Replication is fine for this kind of thing if you only have 2 or 3 different databases but if you are talking about lots of different locations that can be online/offline at any time, and information can be added (or deleted or amended) at any of those locations, it won't take you long to get something into a confused state. It's not a very technically satisfying thing to say, but you will always be able to think of special cases where you wouldn't want the replication to do what it will, by design, want to do.
If you're only dealing with 2 databases then obviously the replication problems become much more straightforward and you will probably find that you can use merge replication for the job (though you have to watch your database design).
I've just bought a second-hand copy of the Apress SQL Server 2005 Replication Bible (not in the office so don't have the author to hand but it's a well-recommended, monster tome) - within the first couple of chapters I began to realise that replication is not a magic bullet solution if you're really changing data at two (or more) ends. :-)
这通常称为公文包模型,您可以使用
适用于 ADO.NET 的 Microsoft 同步服务
This is usualy called a briefcase model, you can use the
Microsoft Synchronization Services for ADO.NET
您应该查看 Microsoft 同步框架。
从头开始自己构建偶尔离线的解决方案是一项复杂的任务。 在我的职业生涯中,我见过许多优秀的开发团队把事情搞砸了。 我并不是说您自己构建它会遇到问题,但为什么不使用已经存在的东西呢? 如果您发现它不能满足您的需求,您可能会更好地了解如何编写自己的解决方案。
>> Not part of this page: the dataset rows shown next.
(* Let $k\ge1$, $G=(V,E)$ an inductively $k$-independent graph with $k$-independence ordering $v_1,\dots,v_n$, $f:2^V\to\mathbb{R}_{\ge0}$ monotone submodular with $f(\emptyset)=0$, and $\beta>0$. Run algorithm PREEMPTIVE-GREEDY (described in the context), let $S_{\mathrm{out}}$ be its output and $U$ the set of all vertices ever contained in $S$ during the run. Then for every independent set $T$ of $G$, \[ f(U\cup T)-f(U)\le k(1+\beta)(1+\beta^{-1})\,f(S_{\mathrm{out}}). \]
   Context: $N(v)$ is the neighbourhood of $v$ (excluding $v$); $G$ is inductively $k$-independent with $k$-independence ordering $v_1,\dots,v_n$ if for every $i$, $G[N(v_i)\cap\{v_i,\dots,v_n\}]$ has no independent set of size more than $k$. Order $V$ by $v_1<\dots<v_n$. For $S\subseteq V$: $f_S(v)=f(S\cup\{v\})-f(S)$, and $\nu_f(S,u)=f_{S'}(u)$ where $S'=\{s\in S:s<u\}$. Algorithm PREEMPTIVE-GREEDY (parameter $\beta>0$): start with $S=\emptyset$; for $i=1,\dots,n$: let $C_i=N(v_i)\cap S$; if $f_S(v_i)\ge(1+\beta)\sum_{u\in C_i}\nu_f(S,u)$, replace $S$ by $(S\setminus C_i)\cup\{v_i\}$. Return the final $S$ as $S_{\mathrm{out}}$. *)

From mathcomp Require Import all_boot all_order all_algebra.
Set Implicit Arguments. Unset Strict Implicit. Unset Printing Implicit Defensive.
Import Order.TTheory GRing.Theory Num.Theory.
Local Open Scope ring_scope.

Section PG.
Variables (T : finType) (R : realFieldType).

Definition simple_graph (e : rel T) := symmetric e /\ irreflexive e.

Definition nbhd (e : rel T) (v : T) : {set T} := [set u | e v u].

Definition independent (e : rel T) (I : {set T}) :=
  forall x y, x \in I -> y \in I -> ~~ e x y.

(* an ordering v_1, ..., v_n of V is a duplicate-free enumeration s of T;
   x < y in the ordering iff index x s < index y s *)
Definition vertex_ordering (s : seq T) := uniq s /\ forall x, x \in s.

Definition later (s : seq T) (v : T) : {set T} :=
  [set u | (index v s <= index u s)%N].

Definition inductively_k_independent (e : rel T) (k : nat) (s : seq T) :=
  forall v, forall I : {set T},
    I \subset nbhd e v :&: later s v -> independent e I -> (#|I| <= k)%N.

Definition monotone (f : {set T} -> R) :=
  forall A B : {set T}, A \subset B -> f A <= f B.
Definition submodular (f : {set T} -> R) :=
  forall A B : {set T}, f (A :|: B) + f (A :&: B) <= f A + f B.
Definition nonneg (f : {set T} -> R) := forall A, 0 <= f A.

Definition marg (f : {set T} -> R) (S : {set T}) (v : T) := f (v |: S) - f S.

Definition nu (f : {set T} -> R) (s : seq T) (S : {set T}) (u : T) :=
  marg f [set x in S | (index x s < index u s)%N] u.

(* one iteration; the state is (S, U) where U accumulates every vertex
   that has ever been in S *)
Definition pg_step (e : rel T) (f : {set T} -> R) (s : seq T) (beta : R)
    (st : {set T} * {set T}) (v : T) : {set T} * {set T} :=
  let: (S0, U0) := st in
  let C := nbhd e v :&: S0 in
  if (1 + beta) * (\sum_(u in C) nu f s S0 u) <= marg f S0 v
  then ((S0 :\: C) :|: [set v], v |: U0)
  else (S0, U0).

Definition pg_run e f s beta : {set T} * {set T} :=
  foldl (pg_step e f s beta) (set0, set0) s.

Definition pg_out e f s beta := (pg_run e f s beta).1.
Definition pg_U e f s beta := (pg_run e f s beta).2.

End PG.

From mathcomp Require Import all_boot all_order all_algebra.
From mathcomp Require Import ring lra.
Set Implicit Arguments. Unset Strict Implicit. Unset Printing Implicit Defensive.
Import Order.TTheory GRing.Theory Num.Theory.
Local Open Scope ring_scope.

(* Charge every vertex t of Tset, when it is scanned, to its neighbours C_t in
   the current solution S.  If t is rejected then
   f_U(t) <= f_S(t) < (1 + beta) * sum_(u in C_t) nu(S, u), and no u is charged
   more than k times, since the vertices charged to u form an independent set
   of later neighbours of u.  While u stays in S its charge is at most
   k * nu(S, u), and nu(S, u) only grows as S changes, so the live charge is at
   most k * sum_(u in S) nu(S, u) = k * f(S).  When an acceptance evicts C, the
   charge of C is frozen into a dead part k * D, with D growing by
   sum_(u in C) nu(S, u); that same acceptance raises f(S) by at least beta
   times this amount, so beta * D <= f(S).  Accepted vertices lie in U and have
   f_U(t) = 0, hence
   f(U :|: T) - f(U) <= sum_(t in T) f_U(t) <= (1 + beta) * (k * D + k * f(S)). *)

Section Submodular.
Variables (V : finType) (R : realFieldType) (f : {set V} -> R).
Hypotheses (f_mono : monotone f) (f_submod : submodular f).
Implicit Types (A B C S U X : {set V}) (u v : V).

Lemma marg_mem A v : v \in A -> marg f A v = 0.
Proof. by move=> vA; rewrite /marg (setUidPr _) ?sub1set // subrr. Qed.

Lemma marg_ge0 A v : 0 <= marg f A v.
Proof. by rewrite /marg subr_ge0; apply: f_mono; apply: subsetUr. Qed.

Lemma marg_antimono A B v : A \subset B -> marg f B v <= marg f A v.
Proof.
move=> AB; have [vB|vB] := boolP (v \in B); first by rewrite marg_mem // marg_ge0.
rewrite /marg; have := f_submod (v |: A) B.
rewrite -setUA (setUidPr AB) setIUl (setIidPl AB).
have -> : [set v] :&: B = set0.
  by apply/setP => x; rewrite !inE; case: eqVneq => // ->; rewrite (negbTE vB).
rewrite set0U; lra.
Qed.

Lemma setU_sub_le_sum_marg U A : f (U :|: A) - f U <= \sum_(t in A) marg f U t.
Proof.
have [n] := ubnP #|A|; elim: n A => // n IH A ltAn.
have [->|[t tA]] := set_0Vmem A; first by rewrite big_set0 setU0 subrr.
rewrite (big_setD1 t tA) /=.
have -> : f (U :|: A) - f U
    = marg f (U :|: (A :\ t)) t + (f (U :|: (A :\ t)) - f U).
  by rewrite /marg setUCA setD1K //; lra.
apply: lerD; first by apply: marg_antimono; apply: subsetUl.
by apply: IH; rewrite (cardsD1 t A) tA in ltAn.
Qed.

Variable s : seq V.
Hypothesis s_total : forall x, x \in s.

Lemma eq_index x y : (index x s == index y s) = (x == y).
Proof. by apply/eqP/eqP => [/(index_inj x (s_total x) (s_total y))|->]. Qed.

Lemma nu_ge0 S u : 0 <= nu f s S u.
Proof. exact: marg_ge0. Qed.

Lemma nu_antimono S (S' : {set V}) u : S' \subset S -> nu f s S u <= nu f s S' u.
Proof.
move=> S'S; apply: marg_antimono; apply/subsetP => x.
by rewrite !inE => /andP[/(subsetP S'S) -> ->].
Qed.

Lemma nu_setU1_later S v u :
  (index u s < index v s)%N -> nu f s (v |: S) u = nu f s S u.
Proof.
move=> uv; rewrite /nu; congr marg; apply/setP => x; rewrite !inE.
by case: eqVneq => [->|] //=; rewrite ltnNge (ltnW uv) !andbF.
Qed.

Hypothesis f0 : f set0 = 0.

Lemma sum_nu S : \sum_(u in S) nu f s S u = f S.
Proof.
have [n] := ubnP #|S|; elim: n S => // n IH S ltSn.
have [->|[x0 x0S]] := set_0Vmem S; first by rewrite big_set0 f0.
pose m := [arg max_(x > x0 in S) index x s].
have [mS m_max] : m \in S /\ forall y, y \in S -> (index y s <= index m s)%N.
  by rewrite /m; case: arg_maxnP.
have Sm : m |: (S :\ m) = S by rewrite setD1K.
have below_m : [set x in S | (index x s < index m s)%N] = S :\ m.
  apply/setP => x; rewrite !inE ltn_neqAle eq_index.
  by case xS: (x \in S); rewrite ?andbF //= m_max // andbT.
have nu_m : nu f s S m = f S - f (S :\ m) by rewrite /nu /marg below_m Sm.
have nu_rest :
    \sum_(u in S :\ m) nu f s S u = \sum_(u in S :\ m) nu f s (S :\ m) u.
  apply: eq_bigr => u; rewrite !inE => /andP[um uS].
  by rewrite -{1}Sm nu_setU1_later // ltn_neqAle eq_index um m_max.
rewrite (big_setD1 m mS) /= nu_m nu_rest IH; first by rewrite subrK.
by rewrite (cardsD1 m S) mS in ltSn.
Qed.

Lemma setD_loss_le_sum_nu X C :
  C \subset X -> f X - f (X :\: C) <= \sum_(u in C) nu f s X u.
Proof.
move=> CX; rewrite -{1}sum_nu -(sum_nu (X :\: C)).
rewrite (big_setID (A := X) C) (setIidPr CX) -addrA gerDl subr_le0.
by apply: ler_sum => u _; apply: nu_antimono; apply: subsetDl.
Qed.

End Submodular.

Section PreemptiveGreedy.
Variables (V : finType) (R : realFieldType) (e : rel V) (k : nat) (s : seq V).
Variables (f : {set V} -> R) (beta : R) (Tset : {set V}).
Hypotheses (e_sym : symmetric e) (s_uniq : uniq s) (s_total : forall x, x \in s).
Hypothesis e_k_indep : inductively_k_independent e k s.
Hypotheses (f_mono : monotone f) (f_submod : submodular f) (f0 : f set0 = 0).
Hypotheses (beta_gt0 : 0 < beta) (Tset_indep : independent e Tset).
Implicit Types (S U : {set V}) (Tc : V -> {set V}) (D : R).

Definition prefix_set i : {set V} := [set x | (index x s < i)%N].

Lemma prefix_setS i v : index v s = i -> prefix_set i.+1 = v |: prefix_set i.
Proof.
move=> vi; apply/setP => x; rewrite !inE ltnS leq_eqVlt -vi.
by rewrite (eq_index s_total).
Qed.

Lemma sum_prefix_setS i v (F : V -> R) : index v s = i ->
  \sum_(t in prefix_set i.+1 | t \in Tset) F t
    = (if v \in Tset then F v else 0) + \sum_(t in prefix_set i | t \in Tset) F t.
Proof.
by move=> vi; rewrite (prefix_setS vi) !big_mkcondr big_setU1 // inE vi ltnn.
Qed.

Lemma card_charged_le u (I : {set V}) :
  I \subset Tset :&: nbhd e u :&: later s u -> (#|I| <= k)%N.
Proof.
move=> IT; apply: (e_k_indep (v := u)).
  by apply: subset_trans IT _; rewrite -setIA subsetIr.
move=> x y /(subsetP IT) + /(subsetP IT).
by rewrite !inE => /andP[/andP[xT _] _] /andP[/andP[yT _] _]; apply: Tset_indep.
Qed.

Definition charge Tc S := \sum_(u in S) #|Tc u|%:R * nu f s S u.

(* The state (S, U) after scanning the first i vertices: Tc u is the set of
   scanned vertices of Tset charged to u, and k * D bounds the charge of the
   vertices already evicted from S. *)
Definition pg_invariant i (st : {set V} * {set V}) Tc D :=
  [/\ st.1 \subset st.2, st.2 \subset prefix_set i,
      forall u, Tc u \subset Tset :&: nbhd e u :&: later s u :&: prefix_set i,
      beta * D <= f st.1 &
      \sum_(t in prefix_set i | t \in Tset) marg f st.2 t
        <= (1 + beta) * (k%:R * D + charge Tc st.1)].
(* The geometric standard strongly integral super-packing is invariant under the translations $(x,y)\mapsto(x+2,y)$ and $(x,y)\mapsto(x,y+2)$ and under the reflections $(x,y)\mapsto(-x,y)$ and $(x,y)\mapsto(x,-y)$. The crystallographic group generated by these four motions is the complete group of Euclidean motions of the plane leaving the geometric standard strongly integral super-packing invariant.
   Context: Circles are taken in $\hat{\mathbb C}=\mathbb R^2\cup\{\infty\}$; lines count as circles. A Descartes configuration is a set of four mutually tangent circles with disjoint interiors; an ordered, oriented one carries an ordering and total orientation, with signed curvatures (reciprocal radius, negative if the interior is unbounded, $0$ for lines). Its augmented curvature-center coordinate matrix $W_{\mathcal D}$ has $i$-th row $(\bar b_i,b_i,b_ix_i,b_iy_i)$ with $(x_i,y_i)$ the center and $\bar b_i=b_i(x_i^2+y_i^2)-1/b_i$ (for a line: $(2p\cdot n,0,n_x,n_y)$, $n$ the unit normal pointing into the interior half-plane, $p$ a point of the line); it determines $\mathcal D$. Let $S_i$ be the $4\times4$ integer matrix equal to the identity except that row $i$ has $-1$ in position $i$ and $2$ elsewhere, $S_i^\perp=S_i^T$, and $\mathcal A^S=\langle S_i,S_i^\perp\rangle$ the super-Apollonian group, acting by $W_{U[\mathcal D]}=UW_{\mathcal D}$. The geometric super-packing generated by $\mathcal D$ is the set of all circles of configurations in $\mathcal A^S[\mathcal D]$. The standard strongly integral super-packing is the one generated by the configuration $\mathcal D_1$ with $W_{\mathcal D_1}=\begin{pmatrix}2&0&0&1\\2&0&0&-1\\0&1&1&0\\0&1&-1&0\end{pmatrix}$, i.e. the lines $y=1$ and $y=-1$ and the circles of radius $1$ centered at $(1,0)$ and $(-1,0)$. *)

From HB Require Import structures.
From mathcomp Require Import all_boot all_order all_algebra.
From mathcomp Require Import boolp classical_sets reals.
Set Implicit Arguments. Unset Strict Implicit. Unset Printing Implicit Defensive.
Import Order.TTheory GRing.Theory Num.Theory.
Local Open Scope ring_scope.
Local Open Scope classical_set_scope.

Definition sqdist {R : realType} (p q : R * R) : R :=
  (p.1 - q.1) ^+ 2 + (p.2 - q.2) ^+ 2.

Definition euclidean_motion {R : realType} (f : R * R -> R * R) : Prop :=
  forall p q, sqdist (f p) (f q) = sqdist p q.

(* Row (bbar, b, b x, b y) of an augmented curvature-center coordinate matrix
   and the geometric circle (point set in R^2) it describes:
   b <> 0 : circle with center (bx/b, by/b), radius 1/|b|;
   b = 0  : line {q | n . q = p . n} where n = (bx,by), bbar = 2 p . n. *)
Definition circle_of_row {R : realType} (w : 'rV[R]_4) : set (R * R) :=
  let bbar := w ord0 (inord 0) in
  let b := w ord0 (inord 1) in
  let bx := w ord0 (inord 2) in
  let by_ := w ord0 (inord 3) in
  if b != 0 then
    [set q | (q.1 - bx / b) ^+ 2 + (q.2 - by_ / b) ^+ 2 = (b^-1) ^+ 2]
  else [set q | bx * q.1 + by_ * q.2 = bbar / 2].

Definition Smx {R : realType} (i : 'I_4) : 'M[R]_4 :=
  \matrix_(r, c) (if r == i then (if c == i then -1 else 2) else (r == c)%:R).

Inductive superApollonian {R : realType} : 'M[R]_4 -> Prop :=
| sA_one : superApollonian 1%:M
| sA_S i U : superApollonian U -> superApollonian (Smx i *m U)
| sA_Sinv i U : superApollonian U -> superApollonian (invmx (Smx i) *m U)
| sA_ST i U : superApollonian U -> superApollonian ((Smx i)^T *m U)
| sA_STinv i U : superApollonian U -> superApollonian (invmx ((Smx i)^T) *m U).

Definition W1_entries : seq (seq int) :=
  [:: [:: 2%:Z; 0; 0; 1];
      [:: 2%:Z; 0; 0; -1];
      [:: 0%:Z; 1; 1; 0];
      [:: 0%:Z; 1; -1; 0]].

(* W_{D_1}: the lines y = 1, y = -1 and unit circles centered at (1,0), (-1,0). *)
Definition W1 {R : realType} : 'M[R]_4 :=
  \matrix_(i, j) ((nth [::] W1_entries i)`_j)%:~R.

(* The geometric standard strongly integral super-packing: all circles of
   all configurations U[D_1], U in A^S  (W_{U[D_1]} = U W_{D_1}). *)
Definition std_superpacking {R : realType} : set (set (R * R)) :=
  [set C | exists (U : 'M[R]_4) (i : 'I_4),
      superApollonian U /\ C = circle_of_row (row i (U *m W1))].

Definition leaves_invariant {R : realType} (f : R * R -> R * R) : Prop :=
  [set f @` C | C in (@std_superpacking R)] = std_superpacking.

Definition trans_x {R : realType} (p : R * R) : R * R := (p.1 + 2, p.2).
Definition trans_y {R : realType} (p : R * R) : R * R := (p.1, p.2 + 2).
Definition refl_x {R : realType} (p : R * R) : R * R := (- p.1, p.2).
Definition refl_y {R : realType} (p : R * R) : R * R := (p.1, - p.2).
Definition trans_x_inv {R : realType} (p : R * R) : R * R := (p.1 - 2, p.2).
Definition trans_y_inv {R : realType} (p : R * R) : R * R := (p.1, p.2 - 2).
代价是您必须学习同步框架,但有些示例您可能可以立即利用。
You should look at the Microsoft Sync Framework.
Building an occasionally offline solution yourself from scratch is a complex undertaking. In my career I have seen many good development teams mess it up. I'm not saying that you would have problems building it yourself, but why not use something that already exists? And if you find it doesn't meet your needs, you will probably have a better understanding of how to code your own solution.
The tradeoff is that you would have to learn the Synch Framework, but there are samples that you could probably leverage immediately.